- [ABOUT THIS EXERCISE]:
From the entries provided below, copy each line that contains the word "EHole".

(Dataset entries)
------------------------------

Lemma ch_upsub_ren_S v s :
  Ch.sub_val (Ch.upsub s) (Ch.ren_val S v) = Ch.ren_val S (Ch.sub_val s v).
Proof. rewrite (proj1 ch_sub_ren), (proj1 ch_ren_sub). reflexivity. Qed.

Lemma ch_sub_id : (forall v, Ch.sub_val Ch.Var v = v) /\ (forall M, Ch.sub_comp Ch.Var M = M).
Proof.
  assert (upsub_Var : Ch.upsub Ch.Var = Ch.Var) by (extensionality i; destruct i; reflexivity).
  apply ch_mutind; intros; simpl; rewrite ?upsub_Var, ?H, ?H0; reflexivity.
Qed.

Lemma ch_single_ren_S V v : Ch.sub_val (ch_single V) (Ch.ren_val S v) = v.
Proof. rewrite (proj1 ch_sub_ren). apply ch_sub_id. Qed.

Lemma ch_sub_sub :
  (forall v s t, Ch.sub_val t (Ch.sub_val s v) = Ch.sub_val (fun i => Ch.sub_val t (s i)) v) /\
  (forall M s t, Ch.sub_comp t (Ch.sub_comp s M) = Ch.sub_comp (fun i => Ch.sub_val t (s i)) M).
Proof.
  apply ch_mutind; intros; simpl; rewrite ?H, ?H0; try reflexivity;
  f_equal; f_equal; extensionality i; destruct i; simpl; try reflexivity;
  apply ch_upsub_ren_S.
Qed.

Lemma tr_act_ren :
  (forall v r f, tr_val r (Act.ren_val f v) = tr_val (fun i => r (f i)) v) /\
  (forall M r f ch, tr_comp r (Act.ren_comp f M) ch = tr_comp (fun i => r (f i)) M ch).
Proof.
  apply act_mutind; intros; simpl; rewrite ?H, ?H0; try reflexivity;
  repeat f_equal; extensionality i; destruct i; reflexivity.
Qed.

Lemma ch_ren_tr :
  (forall v r g, Ch.ren_val g (tr_val r v) = tr_val (fun i => g (r i)) v) /\
  (forall M r g ch,
     Ch.ren_comp g (tr_comp r M ch) = tr_comp (fun i => g (r i)) M (Ch.ren_val g ch)).
Proof.
  apply act_mutind; intros; simpl; rewrite ?H, ?H0; try reflexivity;
  rewrite ?(proj1 ch_ren_ren); repeat f_equal; extensionality i; destruct i; reflexivity.
Qed.

Lemma ch_sub_tr :
  (forall v r r' s t, (forall i, t (r i) = tr_val r' (s i)) ->
     Ch.sub_val t (tr_val r v) = tr_val r' (Act.sub_val s v)) /\
  (forall M r r' s t ch, (forall i, t (r i) = tr_val r' (s i)) ->
     Ch.sub_comp t (tr_comp r M ch) = tr_comp r' (Act.sub_comp s M) (Ch.sub_val t ch)).
Proof.
  apply act_mutind; intros; simpl; auto.
  - do 3 f_equal.
    erewrite H with (ch := Ch.Var 0); [reflexivity |].
    intros [|j]; simpl; [reflexivity |].
    rewrite H0, (proj1 tr_act_ren), !(proj1 ch_ren_tr). reflexivity.
  - erewrite H, H0 by eassumption. rewrite ch_upsub_ren_S. reflexivity.
  - erewrite H by eassumption. erewrite H0 with (r' := Act.upren r');
      [rewrite ch_upsub_ren_S; reflexivity |].
    intros [|j]; simpl; [reflexivity |].
    rewrite H1, (proj1 tr_act_ren), (proj1 ch_ren_tr). reflexivity.
  - erewrite H by eassumption. reflexivity.
  - erewrite H with (ch := Ch.Var 0); [reflexivity |].
    intros j; simpl. rewrite H0, (proj1 ch_ren_tr). reflexivity.
  - erewrite H, H0 by eassumption. reflexivity.
Qed.

Lemma tr_subst1 r M V ch :
  tr_comp r (Act.subst1 M V) ch
  = Ch.sub_comp (ch_single (tr_val r V)) (tr_comp (Act.upren r) M (Ch.ren_val S ch)).
Proof.
  erewrite (proj2 ch_sub_tr) with (s := act_single V) by (intros [|j]; reflexivity).
  rewrite ch_single_ren_S. reflexivity.
Qed.

Lemma tr_letret_steps r V M ch :
  Ch.steps (tr_comp r (Act.Let (Act.Return V) M) ch) (tr_comp r (Act.subst1 M V) ch).
Proof. rewrite tr_subst1. apply rt_step, Ch.S_LetRet. Qed.

Lemma tr_beta_steps r M V ch :
  Ch.steps (tr_comp r (Act.App (Act.Lam M) V) ch) (tr_comp r (Act.subst1 M V) ch).
Proof.
  set (K := tr_comp (fun i => match i with 0 => 1 | S i => S (S (r i)) end) M (Ch.Var 0)).
  set (L := Ch.Lam (Ch.sub_comp (Ch.upsub (ch_single (tr_val r V))) K)).
  assert (beta_outer : Ch.step (tr_comp r (Act.App (Act.Lam M) V) ch)
                               (Ch.Let (Ch.Return L) (Ch.App (Ch.Var 0) (Ch.ren_val S ch))))
    by exact (Ch.S_Ctx (Ch.ELet Ch.EHole _) _ _ (Ch.S_Beta _ _)).
  assert (let_return : Ch.step (Ch.Let (Ch.Return L) (Ch.App (Ch.Var 0) (Ch.ren_val S ch)))
                               (Ch.App L ch)).
  { replace (Ch.App L ch) with (Ch.subst1 (Ch.App (Ch.Var 0) (Ch.ren_val S ch)) L)
      by exact (f_equal (Ch.App L) (ch_single_ren_S L ch)).
    apply Ch.S_LetRet. }
  eapply rt_trans; [apply rt_step, beta_outer |].
  eapply rt_trans; [apply rt_step, let_return |].
  eapply rt_trans; [apply rt_step, Ch.S_Beta |].
  unfold Ch.subst1, K. rewrite (proj2 ch_sub_sub).
  erewrite (proj2 ch_sub_tr) with (s := act_single V); [apply rt_refl |].
  intros [|j]; [apply ch_single_ren_S | reflexivity].
Qed.

Fixpoint tr_ectx (r : nat -> nat) (E : Act.ectx) (ch : Ch.val) : Ch.ectx :=
  match E with
  | Act.EHole => Ch.EHole
  | Act.ELet E N => Ch.ELet (tr_ectx r E ch) (tr_comp (Act.upren r) N (Ch.ren_val S ch))
  end.

Lemma tr_plug r E M ch :
  tr_comp r (Act.plug E M) ch = Ch.plug (tr_ectx r E ch) (tr_comp r M ch).
Proof. induction E; simpl; congruence. Qed.

Lemma ch_steps_plug E M M' : Ch.steps M M' -> Ch.steps (Ch.plug E M) (Ch.plug E M').
Proof.
  induction 1.
  - apply rt_step, Ch.S_Ctx; assumption.
  - apply rt_refl.
  - eapply rt_trans; eassumption.
Qed.

Lemma tr_step_steps r M1 M2 ch :
  Act.step M1 M2 -> Ch.steps (tr_comp r M1 ch) (tr_comp r M2 ch).
Proof.
  intros Hstep. revert ch. induction Hstep; intros ch.
  - apply tr_beta_steps.
  - apply tr_letret_steps.
  - rewrite !tr_plug. apply ch_steps_plug, IHHstep.
Qed.

Theorem lemma19 (G : Act.ctx) (B A : Act.ty) (M1 M2 : Act.comp) (alpha : Ch.val) :
  Act.ctyped G B M1 A ->
  Act.step M1 M2 ->
  var_or_name alpha ->
  Ch.steps (trM M1 alpha) (trM M2 alpha).
Proof. intros _ Hstep _. apply tr_step_steps, Hstep. Qed.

------------------------------

- [REPLY]:
    by exact (Ch.S_Ctx (Ch.ELet Ch.EHole _) _ _ (Ch.S_Beta _ _)).
  | Act.EHole => Ch.EHole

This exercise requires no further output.